Its the amp....it smoked....it smells burnt. Now I have to see about getting it fixed or figure out what component burnt out and replace it.


----------



## 79 cutty (Sep 27, 2005)

> _Originally posted by big pimpin_@Jul 30 2008, 09:21 AM~11214565
> *Its the amp....it smoked....it smells burnt.  Now I have to see about getting it fixed or figure out what component burnt out and replace it.
> *


That sucks. That is honestly the first time I have ever heard of someone smoking on of those. I had my 1500D for almost 3 years with no issues....and my brothers wife's had hers for about that long too. That sucks man. 
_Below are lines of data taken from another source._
(* In the two-party one-way communication (Holevo–Frenkel–Weiner) scenario, classical shared randomness can increase the utility of a perfect one-bit classical channel: there exist finite sets $\mathcal{X},\mathcal{B}$ and a payoff function $\beta$ on correlations $P(\mathcal{B}|\mathcal{X})$ such that $\sup_{P\in\mathcal{C}_{\mathrm{SR}}}\beta(P)>\sup_{P\in\mathcal{C}}\beta(P)$.
   Context: Scenario: Alice receives an input $x$ from a finite set $\mathcal{X}$, Bob must output $b$ from a finite set $\mathcal{B}$; a correlation is a conditional distribution $P=(P(b|x))_{x\in\mathcal{X},b\in\mathcal{B}}$, and a task is a payoff function $\beta$ assigning a real number to each correlation. The utility of a resource for a task $\beta$ is $\sup\beta(P)$ over all correlations $P$ achievable with that resource. $\mathcal{C}$ (one bit of classical communication, no shared randomness, local randomness allowed): the set of correlations of the form $P(b|x)=\sum_{m\in\{0,1\}}E(m|x)D(b|m)$, where $E(\cdot|x)$ is a probability distribution on $\{0,1\}$ for each $x$ and $D(\cdot|m)$ is a probability distribution on $\mathcal{B}$ for each $m$. $\mathcal{C}_{\mathrm{SR}}$ (one bit of classical communication assisted by an arbitrary finite amount of classical shared randomness): the set of all finite convex combinations $\sum_{\lambda}q_\lambda P_\lambda$ with $q_\lambda\ge0$, $\sum_\lambda q_\lambda=1$, and each $P_\lambda\in\mathcal{C}$. *)

From HB Require Import structures.
From mathcomp Require Import all_boot all_order all_algebra.
From mathcomp Require Import all_classical all_reals.
From mathcomp Require Import ereal Rstruct.
From Stdlib Require Import Reals.
Set Implicit Arguments. Unset Strict Implicit. Unset Printing Implicit Defensive.
Import Order.TTheory GRing.Theory Num.Theory.
Local Open Scope classical_set_scope.
Local Open Scope ring_scope.

Definition is_distr (T : finType) (p : T -> R) : Prop :=
  (forall t, 0 <= p t) /\ \sum_(t : T) p t = 1.

(* A correlation P(b|x) is represented as a function X -> B -> R. *)

(* C : one bit of classical communication (message m in bool = {0,1}),
   local randomness for encoder E and decoder D, no shared randomness. *)
Definition Cbit (X B : finType) : set (X -> B -> R) :=
  [set P | exists (E : X -> bool -> R) (D : bool -> B -> R),
      (forall x, is_distr (E x)) /\ (forall m, is_distr (D m)) /\
      (forall x b, P x b = \sum_(m : bool) E x m * D m b)].

Definition CbitSR (X B : finType) : set (X -> B -> R) :=
  [set P | exists (n : nat) (q : 'I_n -> R) (Ps : 'I_n -> X -> B -> R),
      is_distr q /\ (forall i, Cbit (Ps i)) /\
      (forall x b, P x b = \sum_(i < n) q i * Ps i x b)].

Definition utility (X B : finType) (beta : (X -> B -> R) -> R)
  (S : set (X -> B -> R)) : \bar R :=
  ereal_sup [set (beta P)%:E | P in S].

Arguments Cbit X B : clear implicits.
Arguments CbitSR X B : clear implicits.

From mathcomp Require Import all_boot all_order all_algebra.
From mathcomp Require Import all_classical all_reals.
From mathcomp Require Import ereal Rstruct.
From Stdlib Require Import Reals.
From mathcomp Require Import ring.

(** Without shared randomness, Bob's output distribution is P = E D with E of
    size |X| x 2 and D of size 2 x |B|, so for |X| = |B| = 3 the matrix of P has
    rank at most 2 and vanishing determinant.  The even mixture of two
    deterministic one-bit strategies, however, has a triangular matrix with
    determinant 1/4, so the payoff [det P <> 0] separates C_SR from C. *)

Set Implicit Arguments.
Unset Strict Implicit.
Unset Printing Implicit Defensive.

Import Order.TTheory GRing.Theory Num.Theory.
Local Open Scope ring_scope.

Definition corr_mx m n (P : 'I_m -> 'I_n -> R) : 'M[R]_(m, n) := \matrix_(x, b) P x b.

Lemma Cbit_corr_mx_factor m n (P : 'I_m -> 'I_n -> R) :
  Cbit 'I_m 'I_n P -> exists (E : 'M_(m, 2)) (D : 'M_(2, n)), corr_mx P = E *m D.
Proof.
move=> [E [D [_ [_ defP]]]].
exists (\matrix_(x < m, i < 2) E x (i == 1 :> nat)), (\matrix_(i < 2, b < n) D (i == 1 :> nat) b).
apply/matrixP => x b; rewrite !mxE defP big_bool big_ord_recr big_ord1 /= !mxE.
by rewrite addrC.
Qed.

Lemma rank_Cbit m n (P : 'I_m -> 'I_n -> R) : Cbit 'I_m 'I_n P -> (\rank (corr_mx P) <= 2)%nat.
Proof. by move=> /Cbit_corr_mx_factor [E [D ->]]; apply: mulmx_max_rank. Qed.

Lemma det_Cbit n (P : 'I_n -> 'I_n -> R) :
  (2 < n)%nat -> Cbit 'I_n 'I_n P -> \det (corr_mx P) = 0.
Proof.
move=> n_gt2 /rank_Cbit rank_le2; apply/eqP; apply: contraTT rank_le2 => det_neq0.
by rewrite mxrank_unit ?unitmxE ?unitfE // -ltnNge.
Qed.

Definition deterministic (X B : finType) (e : X -> bool) (d : bool -> B) : X -> B -> R :=
  fun x b => (d (e x) == b)%:R.

Lemma is_distr_indicator (T : finType) (t0 : T) : is_distr (fun t => (t0 == t)%:R).
Proof.
split=> [t|]; first exact: ler0n.
by rewrite (bigD1 t0) //= eqxx big1 ?addr0 // => t; rewrite eq_sym => /negbTE ->.
Qed.

Lemma deterministic_Cbit (X B : finType) (e : X -> bool) (d : bool -> B) :
  Cbit X B (deterministic e d).
Proof.
exists (fun x m => (e x == m)%:R), (fun m b => (d m == b)%:R).
split; [|split].
- by move=> x; apply: is_distr_indicator.
- by move=> m; apply: is_distr_indicator.
- move=> x b; rewrite (bigD1 (e x)) //= eqxx mul1r big1 ?addr0 // => m /negbTE.
  by rewrite eq_sym => ->; rewrite mul0r.
Qed.

Lemma mix_CbitSR (X B : finType) (t : R) (P1 P2 : X -> B -> R) :
  0 <= t <= 1 -> Cbit X B P1 -> Cbit X B P2 ->
  CbitSR X B (fun x b => t * P1 x b + (1 - t) * P2 x b).
Proof.
move=> /andP [t_ge0 t_le1] CP1 CP2.
exists 2%nat, (fun i => if i == ord0 then t else 1 - t),
  (fun i => if i == ord0 then P1 else P2).
split; [split|split].
- by move=> i; case: ifP; rewrite ?subr_ge0.
- by rewrite !big_ord_recr big_ord0 /= add0r addrC subrK.
- by move=> i; case: ifP.
- by move=> x b; rewrite !big_ord_recr big_ord0 /= add0r.
Qed.

(* Row x of the matrix: [1, 0, 0], [1/2, 1/2, 0], [0, 1/2, 1/2] for x = 0, 1, 2. *)
Definition corr_SR : 'I_3 -> 'I_3 -> R := fun x b =>
  2^-1 * deterministic (fun x => x == 0) (fun m => if m then 0 else 1) x b +
  (1 - 2^-1) * deterministic (fun x => x == 2) (fun m => if m then 2 else 0) x b.

Lemma corr_SR_CbitSR : CbitSR 'I_3 'I_3 corr_SR.
Proof.
apply: mix_CbitSR; try exact: deterministic_Cbit.
by rewrite invr_ge0 invf_le1 ?ler0n ?ler1n.
Qed.

Lemma det_corr_SR : \det (corr_mx corr_SR) = 4^-1.
Proof.
rewrite det_trig; last first.
  apply/is_trig_mxP => -[[|[|[|//]]] ?] [[|[|[|//]]] ?] //= _;
  by rewrite mxE /corr_SR /deterministic /= !mulr0 addr0.
rewrite !big_ord_recr big_ord0 /= !mxE /corr_SR /deterministic /=.
by field.
Qed.

Definition full_rank_payoff {n} (P : 'I_n -> 'I_n -> R) : R := (\det (corr_mx P) != 0)%:R.

Local Open Scope ereal_scope.

Theorem theorem1 :
  exists (X B : finType) (beta : (X -> B -> R) -> R),
    utility beta (Cbit X B) < utility beta (CbitSR X B).
Proof.
exists 'I_3, 'I_3, full_rank_payoff.
have utility_C_le0 : utility full_rank_payoff (Cbit 'I_3 'I_3) <= 0.
  by apply: ge_ereal_sup => _ [P CP <-]; rewrite /full_rank_payoff (det_Cbit _ CP) // eqxx.
have utility_SR_ge1 : 1 <= utility full_rank_payoff (CbitSR 'I_3 'I_3).
  apply: ereal_sup_ubound; exists corr_SR; first exact: corr_SR_CbitSR.
  by rewrite /full_rank_payoff det_corr_SR invr_eq0 pnatr_eq0.
apply: le_lt_trans utility_C_le0 _; apply: lt_le_trans _ utility_SR_ge1.
by rewrite lte_fin ltr01.
Qed.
I am pretty sure you can just have your local dealer send them back to Memphis to be fixed though.


----------



## PancakesAndHammers (Jun 1, 2006)

Sell me the AMP so I can have a Matching set.


----------



## big pimpin (Nov 22, 2001)

OR.......can YOU tell me how to test/fix it!?!?!?!??! :worship: :cheesy: 


I took the thing apart...slide the board out....nothing looks burnt on either side of the board. Again it didn't blow the internal fuse but something smoked on it.


----------



## 79 cutty (Sep 27, 2005)

Still no luck with it?


----------



## dbseeker (Aug 18, 2008)

WOW :0


----------



## big pimpin (Nov 22, 2001)

Its just sitting on a table. lol I need to get it fixed...or buy another amp.


----------



## 79 cutty (Sep 27, 2005)

> _Originally posted by big pimpin_@Aug 18 2008, 02:36 PM~11374025
> *Its just sitting on a table.  lol    I need to get it fixed...or buy another amp.
> *


Lol. honestly I would just contact your local Memphis distributor and have them send it in for servicing. Turn around is usually about a month, but comes back good as new! :biggrin:


----------



## NaptownSwangin (Jun 21, 2004)

> _Originally posted by 79 cutty_@Aug 19 2008, 12:49 PM~11381406
> *Lol. honestly I would just contact your local Memphis distributor and have them send it in for servicing. Turn around is usually about a month, but comes back good as new!  :biggrin:
> *



They fixed one for me. It cost $150 for the exact same amp. BIGTONY has it now, if you end up buying one, PM him to see if he wants to fleece it.


----------



## 79 cutty (Sep 27, 2005)

> _Originally posted by NaptownSwangin_@Aug 19 2008, 12:23 PM~11382912
> *They fixed one for me.  It cost $150 for the exact same amp. BIGTONY has it now, if you end up buying one, PM him to see if he wants to fleece it.
> *


Good info! 

You can usually pick them up off egay for cheap too.


----------



## big pimpin (Nov 22, 2001)

I just checked and there are a couple distributors right by me....I'm going to try to run it to one of those places tomorrow! :thumbsup: And then buy another one on ebay and run one to each sub. j/k lol


----------



## NaptownSwangin (Jun 21, 2004)

> _Originally posted by big pimpin_@Aug 19 2008, 04:31 PM~11383654
> *I just checked and there are a couple distributors right by me....I'm going to try to run it to one of those places tomorrow!  :thumbsup:  And then buy another one on ebay and run one to each sub.  j/k lol
> *



Just get Memphis repair number and deal directly with them. I don't fuck with middlemen if I can get around it.


----------



## 79 cutty (Sep 27, 2005)

> _Originally posted by big pimpin+Aug 19 2008, 01:31 PM~11383654-->
> 
> 
> 
> ...


I would have to agree....I try to avoid going to the middle man at all costs, but if necessary I do. Only problem with middle men is it always seems to delay the process by like a month!


----------



## big pimpin (Nov 22, 2001)

I called Memphis and they said if you don't have the original receipt I couldn't send it directly to them. :uh: So I went to a distributor yesterday and dropped it off....they said they should have word next week on the repair and cost.


----------



## 79 cutty (Sep 27, 2005)

> _Originally posted by big pimpin_@Aug 21 2008, 11:47 AM~11403005
> *I called Memphis and they said if you don't have the original receipt I couldn't send it directly to them.  :uh:  So I went to a distributor yesterday and dropped it off....they said they should have word next week on the repair and cost.
> *


I would assume around $100.....that is usually the going rate for work done on amps. Cheaper then buying a new amp....but still sucks!


----------